El sabor a café
Por: Melani Naomi López Juárez
Compartir una bebida caliente como acto de amor
Facultad de Ciencias Políticas y Sociales
Facultad de Ciencias Políticas y Sociales
Esta historia comienza en mi despacho, degustando un cigarrillo y un amargo café alrededor de las cinco de la tarde y como única compañía el sonido de la lluvia chocando contra la ventana. Este murmullo fue interrumpido por el teléfono, lo que me hizo saltar de mi asiento, desde que me había retirado hace dos años no escuchaba ese ruido. Contesté apresuradamente. Mi sorpresa fue grande cuando escuché la voz de un viejo amigo al otro lado de la línea pidiéndome ayuda, porque, tras llegar a su departamento después de un largo día de trabajo, encontró el cadáver de una joven. Yo era su única opción, si acudía a la policía se convertiría en el principal sospechoso.

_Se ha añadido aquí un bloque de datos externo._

(* Let $d\ge1$, let $\ell_1>\ell_2>\dots>\ell_d\ge1$ and $r_1,\dots,r_d\ge1$ be integers, and let $n_1,\dots,n_d$ be positive integers with $n_i\ge 2r_i\ell_i$. For each $i$ fix a gap sequence $\vec g(i)=(g_1(i),\dots,g_{r_i}(i))$ of integers with $g_j(i)\ge2\ell_i$ and $\sum_j g_j(i)=n_i$. Let $P_d(\vec n,\vec\ell,\vec r)$ be the number of tuples $(p_1,\dots,p_d)$ with $p_i\in\mathbb Z/n_i\mathbb Z$ that are valid, meaning: there are no indices $i<j$, $a\in\{1,\dots,r_i\}$, $b\in\{1,\dots,r_j\}$ such that $e_a(i)\in W_i(\ell_j)$ and $e_b(j)\in W_j(\ell_j)$. Then this number does not depend on the choice of gap sequences, and it satisfies $P_0=1$, $P_1(n_1,\ell_1,r_1)=n_1$, and for $d\ge1$ $$P_d(\vec n,\vec\ell,\vec r)=\prod_{i=1}^d n_i-4\sum_{1\le i<j\le d} r_ir_j\ell_j^2\, P_{i-1}(\vec n(i),\vec\ell(i),\vec r(i))\prod_{i<k<j}(n_k-2r_k\ell_k)\prod_{k>j}n_k,$$ where $\vec n(i)=(n_1-2r_1\ell_i,\dots,n_{i-1}-2r_{i-1}\ell_i)$, $\vec\ell(i)=(\ell_1-\ell_i,\dots,\ell_{i-1}-\ell_i)$, $\vec r(i)=(r_1,\dots,r_{i-1})$. In particular, if $n_i=n-\ell_i-2\sum_{j\ne i}r_j\min(\ell_i,\ell_j)$ for each $i$, then $P_d$ is a monic polynomial in $n$ of degree $d$ (with $P_1=n-\ell_1$ when $d=1$).
   Context: Notation: for track $i$ (a cycle $\mathbb Z/n_i\mathbb Z$ whose elements are represented by $1,\dots,n_i$, with $n_i$ called the boundary), given position $p_i$ and gap sequence $\vec g(i)$, the $a$-th run on track $i$ occupies the $\ell_i$ consecutive positions starting at $p_i+g_1(i)+\dots+g_{a-1}(i)$, and its end is $e_a(i)=p_i+g_1(i)+\dots+g_{a-1}(i)+\ell_i-1 \pmod{n_i}$. For $m\le n_i/2$, the window $W_i(m)\subseteq\mathbb Z/n_i\mathbb Z$ is the set of $2m$ residues $\{n_i-m+1,\dots,n_i,1,2,\dots,m\}$ (the $2m$ positions nearest the boundary). Empty products equal $1$. *)

(* Tracks are indexed 0..d-1 (paper's track i is index i-1 here);
   runs on a track are indexed 0..r_i-1 (paper's run a is index a-1). *)
From HB Require Import structures.
From mathcomp Require Import all_boot all_order all_algebra.
Set Implicit Arguments.
Unset Strict Implicit.
Unset Printing Implicit Defensive.
Import Order.TTheory GRing.Theory Num.Theory.

(* Residue x (mod nn) lies in the window W(m) = {nn-m+1,...,nn,1,...,m} of Z/nnZ,
   i.e. its representative in 0..nn-1 is in {0..m} or in {nn-m+1..nn-1}. *)
Definition in_window (nn m x : nat) : bool :=
  (x %% nn <= m) || (nn - m < x %% nn).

Entonces decidí salir del retiro. Guardé mis cosas, subí a mi auto y manejé a la dirección que mi amigo me había indicado. Llegué a un conjunto de departamentos a las siete de la noche. Al entrar, subí las escaleras hasta el departamento, golpeé suavemente la puerta, posteriormente mi amigo abrió la puerta lentamente, percatándose de que nadie más viera y luego me permitió pasar. Dentro, a mitad de la sala yacía el cuerpo con una nota que decía: “Sit cortinam oriri” y un reloj con una dirección grabada al reverso. Sin más opciones, regresé a mi auto y me dirigí a la dirección. Llegué a las nueve de la noche a lo que parecía ser un supermercado abandonado. Con mi revólver rompí el vidrio de la puerta. En el instante en que puse un pie dentro, un par de luces se encendieron, cada una iluminaba un estante con algún objeto de mis últimos casos como detective antes de mi retiro. Los revisé y cada uno tenía un número escrito con sangre. Detrás del último estante había una puerta que pedía una contraseña bastante obvia. Dentro de la habitación solamente había una cinta de video y un reproductor. Reproduje la cinta y era la grabación de una cámara de seguridad que delataba al culpable que dejó el cuerpo de la mujer en el departamento. Regresé con mi amigo en la madrugada y después a la comisaría con la cinta.
Decidí regresar a mi despacho a escribir un informe sobre el caso, pero mientras conducía en el automóvil varias preguntas inundaron mi cabeza: ¿tan fácil?, ¿cómo sabe de mis casos?, ¿quién se delataría? Mis dudas solo se detuvieron en el momento que llegué al edificio de mi despacho. Mientras subía las escaleras escuché movimientos que me hicieron levantar mi revólver. Pateé la puerta, la luz del amanecer se filtró y me deslumbró. Lo único que pude percibir fue un par de siluetas que saltaron por la ventana. Todos mis archivos fueron robados, lo único que había era una nota: “Gratias tibi ago, magnum spectaculum praebuisti, sed hoc tantum primum actum erat”. Cerré el caso del asesinato, pero comenzó uno nuevo, uno más oscuro.